Lemma finite_jacobi_triple N :
  \prod_(0 <= i < N) ((1 - x * q ^+ i) * (1 - y * q ^+ i)) =
  \sum_(0 <= k < N.+1) (-1) ^+ k * qbinom q (N + N) (N + k) * q ^+ 'C(k, 2) * x ^+ k
  + \sum_(1 <= k < N.+1) (-1) ^+ k * qbinom q (N + N) (N - k) * q ^+ 'C(k, 2) * y ^+ k.
Proof.
have c_lreg : GRing.lreg ((-1) ^+ N * x ^+ N * q ^+ ('C(N, 2) + N * N)).
  by apply/lregM; [apply/lregM; [exact: lreg_sign|]|]; apply: lregX.
apply: c_lreg; rewrite -jacobi_prod_scaled cauchy_binomial sum_nat_mid.
rewrite mulrDr !mulr_sumr.
congr (_ + _); apply: eq_big_nat => k /andP[_]; rewrite ltnS => le_kN.
  exact: jacobi_coef_nonneg.
exact: jacobi_coef_neg.
Qed.

End JacobiTriple.

Definition poch {R : comNzRingType} (a c N : nat) : {poly R} :=
  \prod_(0 <= i < N) (1 - 'X^(c + a * i)).

Definition jtp_exp (a b k : nat) : nat := a * 'C(k, 2) + b * k.

(* The terms of index k and -k of \sum_(k in Z) (-1)^k q^(a k(k-1)/2 + b k),
   for 0 <= k <= N. *)
Definition jtp_sum {R : comNzRingType} (a b N : nat) : {poly R} :=
  \sum_(0 <= k < N.+1) (-1) ^+ k * 'X^(jtp_exp a b k)
  + \sum_(1 <= k < N.+1) (-1) ^+ k * 'X^(jtp_exp a (a - b) k).

Lemma leq_jtp_exp a b k : (0 < b)%N -> (k <= jtp_exp a b k)%N.
Proof. by move=> b_gt0; rewrite /jtp_exp (leq_trans (leq_pmull _ b_gt0)) ?leq_addl. Qed.

Section TruncatedJacobi.
Context {R : comNzRingType}.
Implicit Types (a b c T N : nat).

Lemma poch_jacobi a b N : (b <= a)%N ->
  poch a b N * poch a (a - b) N =
  \sum_(0 <= k < N.+1)
     (-1) ^+ k * qbinom 'X^a (N + N) (N + k) * 'X^(jtp_exp a b k)
  + \sum_(1 <= k < N.+1)
     (-1) ^+ k * qbinom 'X^a (N + N) (N - k) * 'X^(jtp_exp a (a - b) k) :> {poly R}.
Proof.
move=> le_ba.
have XnE e i : 'X^(e + a * i) = 'X^e * ('X^a : {poly R}) ^+ i by rewrite exprD exprM.
have Xn_lreg e : GRing.lreg ('X^e : {poly R}) by apply/monic_lreg/monicXn.
rewrite /poch -big_split /=.
under eq_bigr do rewrite !XnE.
rewrite (finite_jacobi_triple _ _ _ (Xn_lreg a) (Xn_lreg b)) -?exprD ?subnKC //.
by congr (_ + _); apply: eq_bigr => k _; rewrite -!exprM -mulrA -exprD.
Qed.

Lemma qfact_poch a m : qfact ('X^a : {poly R}) m = poch a a m.
Proof. by apply: eq_bigr => i _; rewrite -exprM mulnS. Qed.

Lemma poch_tail a c T N : (0 < a)%N -> (T <= N)%N ->
  (poch a c N : {poly R}) = poch a c T %[modX T].
Proof.
move=> a_gt0 le_TN; apply: eqmodX_prod_tail => // i le_Ti.
by apply/eqmodX_1subXn/(leq_trans le_Ti)/(leq_trans (leq_pmull _ a_gt0))/leq_addl.
Qed.

Lemma unit_poch a c T N : (0 < c)%N -> unit_modX T (poch a c N : {poly R}).
Proof.
by move=> c_gt0; apply: unit_modX_prod => i; rewrite (leq_trans c_gt0) ?leq_addr.
Qed.

(* Modulo X^T, every (q; q)_m with m >= T equals the unit (q; q)_T, so by
   [qbinom_qfact] the q-binomial coefficient is its inverse. *)
Lemma qbinom_poch_eqmodX a T N m j : (0 < a)%N -> (T <= N)%N ->
    (T <= j)%N -> (j <= m)%N -> (T <= m - j)%N ->
  qbinom ('X^a : {poly R}) m j * poch a a N = 1 %[modX T].
Proof.
move=> a_gt0 le_TN le_Tj le_jm le_Tmj.
have [u Qu1] := unit_poch a a T T a_gt0; set Q := poch a a T in Qu1.
have qfactQ i : (T <= i)%N -> qfact 'X^a i = Q %[modX T].
  by move=> le_Ti; rewrite qfact_poch; apply: poch_tail.
have gQQ : qbinom 'X^a m j * Q * Q = Q %[modX T].
  apply: (@eqmodX_trans _ _ _ (qbinom 'X^a m j * qfact 'X^a j * qfact 'X^a (m - j))).
    by apply: eqmodXM; [apply: eqmodXMl|]; apply/eqmodX_sym/qfactQ.
  by rewrite qbinom_qfact //; apply/qfactQ/(leq_trans le_Tj).
apply: eqmodX_trans (eqmodXMl _ (poch_tail _ _ _ _ a_gt0 le_TN)) _.
rewrite -[qbinom _ _ _ * Q]mulr1.
apply: eqmodX_trans (eqmodX_sym (eqmodXMl _ Qu1)) _.
by rewrite mulrA; exact: eqmodX_trans (eqmodXM gQQ (eqmodX_refl u)) Qu1.
Qed.

Lemma eqmodX_monomial T e (s g p : {poly R}) :
    (T <= e)%N \/ g * p = 1 %[modX T] ->
  s * g * 'X^e * p = s * 'X^e %[modX T].
Proof.
case=> [le_Te | gp1].
  have Xe0 : ('X^e : {poly R}) = 0 %[modX T] := eqmodXn0 _ le_Te.
  have sX0 := eqmodXMl s Xe0; have sgpX0 := eqmodXMl (s * g * p) Xe0.
  rewrite !mulr0 in sX0 sgpX0.
  by rewrite mulrAC; exact: eqmodX_trans sgpX0 (eqmodX_sym sX0).
have -> : s * g * 'X^e * p = g * p * (s * 'X^e) by ring.
by rewrite -[X in eqmodX _ _ X]mul1r; exact: eqmodXM gp1 (eqmodX_refl _).
Qed.

Lemma jacobi_triple_eqmodX a b T N : (0 < b < a)%N -> (T + T <= N)%N ->
  (poch a b N * poch a (a - b) N * poch a a N : {poly R}) = jtp_sum a b N %[modX T].
Proof.
move=> /andP[b_gt0 lt_ba] le_TTN; have a_gt0 := ltn_trans b_gt0 lt_ba.
have ab_gt0 : (0 < a - b)%N by rewrite subn_gt0.
rewrite /jtp_sum poch_jacobi ?(ltnW lt_ba) // mulrDl !mulr_suml.
apply: eqmodXD; apply: eqmodX_sum => k /andP[_ lt_kN]; apply: eqmodX_monomial.
all: case: (leqP T k) => [le_Tk | lt_kT]; [left | right].
- exact/(leq_trans le_Tk)/leq_jtp_exp.
- by apply: qbinom_poch_eqmodX; lia.
- exact/(leq_trans le_Tk)/leq_jtp_exp.
- by apply: qbinom_poch_eqmodX; lia.
Qed.

End TruncatedJacobi.

Lemma prod_nat_residues (R : comPzSemiRingType) m N (F : nat -> R) :
  \prod_(0 <= j < N * m) F j = \prod_(0 <= r < m) \prod_(0 <= i < N) F (i * m + r)%N.
Proof.
rewrite big_nat_mul exchange_big_nat; apply: eq_bigr => i _.
rewrite -{1}[(i * m)%N]add0n big_addn mulSn addnK.
by apply: eq_bigr => r _; rewrite addnC.
Qed.

Lemma poch_residues (R : comNzRingType) a c m N :
  poch a c (N * m) = \prod_(0 <= r < m) poch (a * m) (c + a * r) N :> {poly R}.
Proof.
rewrite /poch prod_nat_residues; apply: eq_bigr => r _; apply: eq_bigr => i _.
by congr (1 - 'X^_); nia.
Qed.

Definition gen145 (n : nat) : {poly int} :=
  \prod_(i < n.+1) \sum_(j < n.+1)
    (if (j != ord0) ==> good_part i then 'X^(i * j) else 0).

Definition denom145 (m : nat) : {poly int} :=
  \prod_(0 <= i < m) (if good_part i then 1 - 'X^i else 1).

Lemma coef_gen145 n : (gen145 n)`_n = (p145 n)%:Z.
Proof.
rewrite /gen145 bigA_distr_bigA coef_sum /p145 -natz -sumr_const [in RHS]big_mkcond /=.
apply: eq_bigr => f _; rewrite inE.
have [allgood | /forallPn[i bad]] := boolP [forall i, (f i != ord0) ==> good_part i].
  rewrite andbT (eq_bigr (fun i : 'I_n.+1 => 'X^(i * f i))) => [|i _]; last first.
    by rewrite (forallP allgood).
  by rewrite prodrXr coefXn eq_sym; case: (_ == _).
by rewrite (bigD1 i) //= (negbTE bad) mul0r coef0 andbF.
Qed.

Lemma good_part_gt0 i : good_part i -> (0 < i)%N.
Proof. by case: i. Qed.

Lemma gen145_denom n : gen145 n * denom145 n.+1 = 1 %[modX n.+1].
Proof.
rewrite /denom145 big_mkord -big_split /=; apply: eqmodX_prod1 => i _.
have [good_i | bad_i] := boolP (good_part i).
  rewrite (eq_bigr (fun j : 'I_n.+1 => 'X^i ^+ j)) => [|j _]; last first.
    by rewrite implybT exprM.
  rewrite mulrC -opprB mulNr -subrX1 opprB -exprM.
  by apply: eqmodX_1subXn; rewrite leq_pmull // good_part_gt0.
rewrite mulr1 big_ord_recl /= muln0 expr0 big1 ?addr0 => [|j _] //.
exact: eqmodX_refl.
Qed.

Lemma denom145_tail T m : (T <= m)%N -> denom145 m = denom145 T %[modX T].
Proof.
move=> le_Tm; apply: eqmodX_prod_tail => // i le_Ti.
by case: (good_part i); [exact: eqmodX_1subXn | exact: eqmodX_refl].
Qed.

Lemma gen145_eqmodX m n : (m <= n)%N -> gen145 n = gen145 m %[modX m.+1].
Proof.
move=> le_mn; have Dm := gen145_denom m.
have Dn : gen145 n * denom145 m.+1 = 1 %[modX m.+1].
  apply: eqmodX_trans (eqmodXW m.+1 (gen145_denom n) le_mn).
  exact/eqmodXMl/eqmodX_sym/denom145_tail.
apply: (@eqmodX_mul2l _ _ (denom145 m.+1)); first by exists (gen145 m); rewrite mulrC.
by rewrite mulrC [X in eqmodX _ _ X]mulrC; exact: eqmodX_trans Dn (eqmodX_sym Dm).
Qed.

Lemma coef_gen145_le m n : (m <= n)%N -> (gen145 n)`_m = (p145 m)%:Z.
Proof.
by move=> le_mn; rewrite (coef_eqmodX _ (gen145_eqmodX _ _ le_mn)) ?coef_gen145.
Qed.

Lemma denom145_poch N : denom145 (N * 5) = poch 5 1 N * poch 5 4 N.
Proof.
rewrite /denom145 prod_nat_residues.
have residue r : (0 <= r < 5)%N ->
    \prod_(0 <= i < N) (if good_part (i * 5 + r) then 1 - 'X^(i * 5 + r) else 1) =
    if good_part r then poch 5 r N else 1 :> {poly int}.
  move=> _; under eq_bigr => i _ do rewrite /good_part modnMDl -/(good_part r).
  case: (good_part r); last exact: big1_eq.
  by apply: eq_bigr => i _; rewrite addnC mulnC.
by rewrite (eq_big_nat _ _ residue) !big_nat_recr //= big_geq // !mul1r !mulr1.
Qed.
== == ==
PROMPT: Nothing should appear in the answer except the lines above from the line with "apply: eqmodX_trans (eqmodX_sym" through the line with "have ab_gt0 : (0", both included, written out exactly.

RESULT FOR THIS TASK:
apply: eqmodX_trans (eqmodX_sym (eqmodXMl _ Qu1)) _.
by rewrite mulrA; exact: eqmodX_trans (eqmodXM gQQ (eqmodX_refl u)) Qu1.
Qed.

Lemma eqmodX_monomial T e (s g p : {poly R}) :
    (T <= e)%N \/ g * p = 1 %[modX T] ->
  s * g * 'X^e * p = s * 'X^e %[modX T].
Proof.
case=> [le_Te | gp1].
  have Xe0 : ('X^e : {poly R}) = 0 %[modX T] := eqmodXn0 _ le_Te.
  have sX0 := eqmodXMl s Xe0; have sgpX0 := eqmodXMl (s * g * p) Xe0.
  rewrite !mulr0 in sX0 sgpX0.
  by rewrite mulrAC; exact: eqmodX_trans sgpX0 (eqmodX_sym sX0).
have -> : s * g * 'X^e * p = g * p * (s * 'X^e) by ring.
by rewrite -[X in eqmodX _ _ X]mul1r; exact: eqmodXM gp1 (eqmodX_refl _).
Qed.

Lemma jacobi_triple_eqmodX a b T N : (0 < b < a)%N -> (T + T <= N)%N ->
  (poch a b N * poch a (a - b) N * poch a a N : {poly R}) = jtp_sum a b N %[modX T].
Proof.
move=> /andP[b_gt0 lt_ba] le_TTN; have a_gt0 := ltn_trans b_gt0 lt_ba.
have ab_gt0 : (0 < a - b)%N by rewrite subn_gt0.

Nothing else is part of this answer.